(* Assume that the lsc function $f:\mathbb{R}^n\to(-\infty,\infty]$ is prox-regular and subdifferentially continuous at $\bar x\in\operatorname{dom} f$ for the subgradient $\bar x^*\in\partial f(\bar x)$. Then there is a neighborhood $U\times V$ of $(\bar x,\bar x^* )$ such that for every $(x,x^* )\in \operatorname{gph}\partial f\cap (U\times V)$ the function $f$ is prox-regular and subdifferentially continuous at $x$ for $x^*$ and \begin{gather*}T_{\operatorname{gph} \partial f}^f(x,x^* )= T_{\operatorname{gph} \partial f}(x,x^* ),\ \widehat N_{\operatorname{gph} \partial f}^f(x,x^* )= \widehat N_{\operatorname{gph} \partial f}(x,x^* ),\ N_{\operatorname{gph} \partial f}^f(x,x^* )= N_{\operatorname{gph} \partial f}(x,x^* ),\\ D_f(\partial f)(x,x^* )=D(\partial f)(x,x^* ),\ \widehat D^*_f(\partial f)(x,x^* )=\widehat D^*(\partial f)(x,x^* ),\ D^*_f(\partial f)(x,x^* )=\widehat D^*(\partial f)(x,x^* ),\\ \mathcal{S}_f(\partial f)(x,x^* )=\mathcal{S}(\partial f)(x,x^* ),\ \mathcal{S}^*_f(\partial f)(x,x^* )=\mathcal{S}^*(\partial f)(x,x^* ). \end{gather*}
   Context: $\partial f$ denotes the limiting subdifferential, $\operatorname{gph}$ the graph. $f$ is prox-regular at $\bar x$ for $\bar x^*$ if $f$ is finite at $\bar x$, $\bar x^*\in\partial f(\bar x)$, and there exist $\epsilon>0$, $r\ge 0$ with $f(x')\ge f(x)+\langle x^*,x'-x\rangle-\frac r2\|x'-x\|^2$ whenever $\|x'-\bar x\|<\epsilon$, $(x,x^* )\in\operatorname{gph}\partial f$, $\|x-\bar x\|<\epsilon$, $\|x^*-\bar x^*\|<\epsilon$, $f(x)<f(\bar x)+\epsilon$. $f$ is subdifferentially continuous at $\bar x$ for $\bar x^*$ if $(x_k,x_k^* )\to(\bar x,\bar x^* )$ with $(x_k,x_k^* )\in\operatorname{gph}\partial f$ implies $f(x_k)\to f(\bar x)$. Write $(x_k,x_k^* )\to_f(\bar x,\bar x^* )$ ($f$-attentive convergence in $\operatorname{gph}\partial f$) if $(x_k,x_k^* )\in\operatorname{gph}\partial f$, $(x_k,x_k^* )\to(\bar x,\bar x^* )$ and $f(x_k)\to f(\bar x)$. $T_\Omega$, $\widehat N_\Omega=(T_\Omega)^\circ$, $N_\Omega$ are the tangent, regular normal and limiting normal cones; $D$, $\widehat D^*$, $D^*$ the graphical derivative, regular and limiting coderivative ($\operatorname{gph}\widehat D^*F(\bar x,\bar y)=\{(y^*,x^* ): (x^*,-y^* )\in\widehat N_{\operatorname{gph}F}(\bar x,\bar y)\}$, similarly $D^*$ with $N$). The $f$-attentive versions are defined by replacing ordinary convergence in $\operatorname{gph}\partial f$ by $f$-attentive convergence: $T^f_{\operatorname{gph}\partial f}(\bar x,\bar x^* )$ is the set of limits $\lim_k ((x_k,x_k^* )-(\bar x,\bar x^* ))/t_k$ with $t_k\downarrow0$, $(x_k,x_k^* )\to_f(\bar x,\bar x^* )$; $\widehat N^f_{\operatorname{gph}\partial f}:=(T^f_{\operatorname{gph}\partial f})^\circ$; $N^f_{\operatorname{gph}\partial f}(\bar x,\bar x^* )$ is the outer limit of $\widehat N^f_{\operatorname{gph}\partial f}(x,x^* )$ as $(x,x^* )\to_f(\bar x,\bar x^* )$; $D_f(\partial f)$, $\widehat D^*_f(\partial f)$, $D^*_f(\partial f)$ are built from these cones as the ordinary ones. With $\mathcal Z_{nn}$ the space of $n$-dimensional subspaces of $\mathbb R^n\times\mathbb R^n$ with metric $d(L_1,L_2)=\|P_{L_1}-P_{L_2}\|$ (orthogonal projections), the SC derivative $\mathcal S(\partial f)(\bar x,\bar x^* )$ is the set of $L\in\mathcal Z_{nn}$ that are limits of $T_{\operatorname{gph}\partial f}(x_k,x_k^* )\in\mathcal Z_{nn}$ along $(x_k,x_k^* )\to(\bar x,\bar x^* )$ in $\operatorname{gph}\partial f$; the $f$-attentive SC derivative $\mathcal S_f(\partial f)(\bar x,\bar x^* )$ is the set of limits of $T^f_{\operatorname{gph}\partial f}(x_k,x_k^* )\in\mathcal Z_{nn}$ along $(x_k,x_k^* )\to_f(\bar x,\bar x^* )$. Adjoint versions: $\mathcal S^*=\{L^*: L\in\mathcal S\}$, $\mathcal S^*_f=\{L^*:L\in\mathcal S_f\}$, where $L^*=\{(v^*,u^* ): (u^*,-v^* )\in L^\perp\}$. *)

From HB Require Import structures.
From mathcomp Require Import all_boot all_order all_algebra.
From mathcomp Require Import all_classical all_reals all_analysis.
Set Implicit Arguments. Unset Strict Implicit. Unset Printing Implicit Defensive.
Import Order.TTheory GRing.Theory Num.Theory.
Import numFieldNormedType.Exports.
Local Open Scope classical_set_scope.
Local Open Scope ring_scope.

---

### DIRECTIONS
With the line containing "From HB Require Import structures." as the start and the last line of the listing as the end, restate that stretch word for word and nothing else.

### PROBLEM SOLUTION
From HB Require Import structures.
From mathcomp Require Import all_boot all_order all_algebra.
From mathcomp Require Import all_classical all_reals all_analysis.
Set Implicit Arguments. Unset Strict Implicit. Unset Printing Implicit Defensive.
Import Order.TTheory GRing.Theory Num.Theory.
Import numFieldNormedType.Exports.
Local Open Scope classical_set_scope.
Local Open Scope ring_scope.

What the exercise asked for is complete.